No. 19540. Department Two.The Supreme Court of Washington.
April 22, 1926.

[1] PARTNERSHIP (84, 95) — PRIVATE ACCOUNTING AND SETTLEMENT — EVIDENCE. Findings of a complete settlement between partners are sustained where one partner buys the interest of another knowing and taking into consideration the state of the accounts and amount of the assets and liabilities and with the understanding that payment of the sales price would be considered a dissolution of the partnership.

Cross-appeal from a judgment of the superior court for Spokane county, Huneke, J., entered March 31, 1925, upon findings in an action for a partnership accounting, tried to the court. Affirmed.
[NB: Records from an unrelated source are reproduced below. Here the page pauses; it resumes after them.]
(* Let $k>0$ be sufficiently large and let $\theta^{(1)}$ be the angle function of the most contracted direction $e^{(1)}(y)=(\cos\theta^{(1)}(y),\sin\theta^{(1)}(y))$ of the standard map defined below. Then $\theta^{(1)}$ is strictly decreasing on $[0,1/2]$ ($e^{(1)}$ rotates clockwise) and strictly increasing on $[1/2,1]$ ($e^{(1)}$ rotates counter-clockwise); $\theta^{(1)}(0)=\theta^{(1)}(1)=\pi+\tfrac12\tan^{-1}\varphi(0)$ is close to $\pi$ (within order $1/k$, $e^{(1)}$ near the negative horizontal semi-axis) and $\theta^{(1)}(1/2)=\tfrac12\tan^{-1}\varphi(1/2)$ is close to $0$ (within order $1/k$, $e^{(1)}$ near the positive horizontal semi-axis); $e^{(1)}$ is along the negative diagonal ($\theta^{(1)}=3\pi/4$) at $y=\delta^-$ and $y=1-\delta^-$, vertical ($\theta^{(1)}=\pi/2$) at $y=\delta^*$ and $y=1-\delta^*$, and along the positive diagonal ($\theta^{(1)}=\pi/4$) at $y=\delta^+$ and $y=1-\delta^+$.
   Context: Standard map $f_k(x,y)=(x+k\sin(2\pi y),\,x+y+k\sin(2\pi y))\bmod 1$; $\psi_c(y)=2\pi k\cos(2\pi y)$; $\varphi(y)=-\frac{4\psi_c+2}{2\psi_c^2+2\psi_c-1}$. $\delta^*=\frac1{2\pi}\cos^{-1}(-\frac{1}{4\pi k})$, $\delta^{\pm}=\frac1{2\pi}\cos^{-1}(-\frac{1\pm\sqrt3}{4\pi k})$, with $\cos^{-1}\in[0,\pi]$, $\tan^{-1}\in[-\pi/2,\pi/2]$ (and $\tan^{-1}(\pm\infty)=\pm\pi/2$). The angle function is $\theta^{(1)}(y)=\pi+\frac12\tan^{-1}\varphi(y)$ for $y\in[0,\delta^-]\cup[1-\delta^-,1]$, $\frac\pi2+\frac12\tan^{-1}\varphi(y)$ for $y\in[\delta^-,\delta^+]\cup[1-\delta^+,1-\delta^-]$, and $\frac12\tan^{-1}\varphi(y)$ for $y\in[\delta^+,1-\delta^+]$; for large $k$ the vector $(\cos\theta^{(1)},\sin\theta^{(1)})$ spans the most contracted direction of $Df_k$ at points with second coordinate $y$. *)

From Stdlib Require Import Reals.
From Coquelicot Require Import Coquelicot.
Open Scope R_scope.

Definition psi_c (k y : R) : R := 2 * PI * k * cos (2 * PI * y).

Definition varphi (k y : R) : R :=
  - (4 * psi_c k y + 2) / (2 * (psi_c k y) ^ 2 + 2 * psi_c k y - 1).

Definition delta_star (k : R) : R := / (2 * PI) * acos (- (1 / (4 * PI * k))).
Definition delta_plus (k : R) : R := / (2 * PI) * acos (- ((1 + sqrt 3) / (4 * PI * k))).
Definition delta_minus (k : R) : R := / (2 * PI) * acos (- ((1 - sqrt 3) / (4 * PI * k))).

(* The piecewise formula of the paper (at the overlapping endpoints the
   first listed branch is used; this is overridden at the poles below). *)
Definition theta_formula (k y : R) : R :=
  if Rle_dec y (delta_minus k) then PI + / 2 * atan (varphi k y)
  else if Rle_dec y (delta_plus k) then PI / 2 + / 2 * atan (varphi k y)
  else if Rle_dec y (1 - delta_plus k) then / 2 * atan (varphi k y)
  else if Rle_dec y (1 - delta_minus k) then PI / 2 + / 2 * atan (varphi k y)
  else PI + / 2 * atan (varphi k y).

(* Poles of varphi in [0,1]: there the denominator vanishes and varphi = +-oo;
   the paper's convention tan^{-1}(+-oo) = +-pi/2 is the one-sided limit of
   tan^{-1}(varphi) along the branch. *)
Definition is_pole (k y : R) : Prop :=
  y = delta_minus k \/ y = delta_plus k \/ y = 1 - delta_plus k \/ y = 1 - delta_minus k.

Definition left_limit (f : R -> R) (x : R) : R :=
  iota (fun L : R => filterlim f (at_left x) (locally L)).

Definition theta1 (k y : R) : R :=
  if Req_EM_T y (delta_minus k) then left_limit (theta_formula k) y
  else if Req_EM_T y (delta_plus k) then left_limit (theta_formula k) y
  else if Req_EM_T y (1 - delta_plus k) then left_limit (theta_formula k) y
  else if Req_EM_T y (1 - delta_minus k) then left_limit (theta_formula k) y
  else theta_formula k y.

From Stdlib Require Import Reals Lra Psatz.
From Coquelicot Require Import Coquelicot.
Open Scope R_scope.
Williams Cornelius, for appellants.

Fred E. Butler and McCarthy, Edge Lantz, for respondents.

MAIN, J.

This was an action by one partner for an accounting as to the partnership transactions. The trial court first tried the question as to whether the plaintiff had a right to an accounting. At the conclusion of this evidence, the court was of the opinion that no such right existed, because there had been a settlement and adjustment of the partnership transactions. Findings of fact, conclusions of law and a judgment were thereupon entered dismissing the action, from which the plaintiff and the defendants W.R. Boozer and Fred J. Boozer appeal.

The preliminary facts leading up to this controversy will be found stated in the case of Boozer v. Boozer, ante p. 34, 245 P. 403, just decided, and need not be here repeated.

Page 43

[1] The controlling question is, whether there had been a settlement and adjustment of the partnership affairs to which Dolph E. Boozer was a party. The evidence material to this question is decidedly conflicting. The trial court, after finding that Dolph E. Boozer was a party to the negotiations which began on or about July 26, 1922, and culminated on July 28 of that month in an agreement by which W.R. Boozer purchased the interest of Frank A. Boozer in the partnership and gave his promissory note therefor, found:

“That the nature of the business conducted by said partners was such that each of the partners in general had full knowledge of the business transaction of the other; that at all times herein mentioned, up to and including said 28th day of July, 1922, each and all of said Boozers knew approximately and substantially the source and amount of all moneys of said partnership received by said Frank A. Boozer, the nature and amount of all expenditures and payments made to, for or on behalf of said copartnership by said Frank A. Boozer, the state of his copartnership accounts, and the nature and extent of his right, title and interest in and to said copartnership business, property and assets.

“IV. That said receipts, expenditures and payments, the state of said copartnership accounts, and the nature and extent of his said right, title and interest in and to said copartnership business, property and assets were considered by them, and each of them and formed the basis for said offer to purchase or sell and for said sale price of $13,000.00; that they, and each of them, intended and understood that said negotiations, sale and the execution of said agreement and promissory note would and did constitute a dissolution of said copartnership and a full and complete settlement of all of said copartnership affairs and accounts; that said settlement was, and they, and each of them, knew it to be one of the considerations for the said sale of said Frank A. Boozer’s interest and for the execution of said agreement.”

Page 44

If the facts are as found by the trial court, there can be no question but what there was a settlement and adjustment of the partnership affairs, which was binding upon Dolph E. Boozer. After a careful consideration of the evidence, we are of the opinion that the findings of the trial court are supported by the preponderance thereof. There can be no question that the parties had a right, if they saw fit, to adjust and settle their affairs in the manner in which they did.

It follows that the judgment must be affirmed, and it is so ordered.

TOLMAN, C.J., MITCHELL, MACKINTOSH, and PARKER, JJ., concur.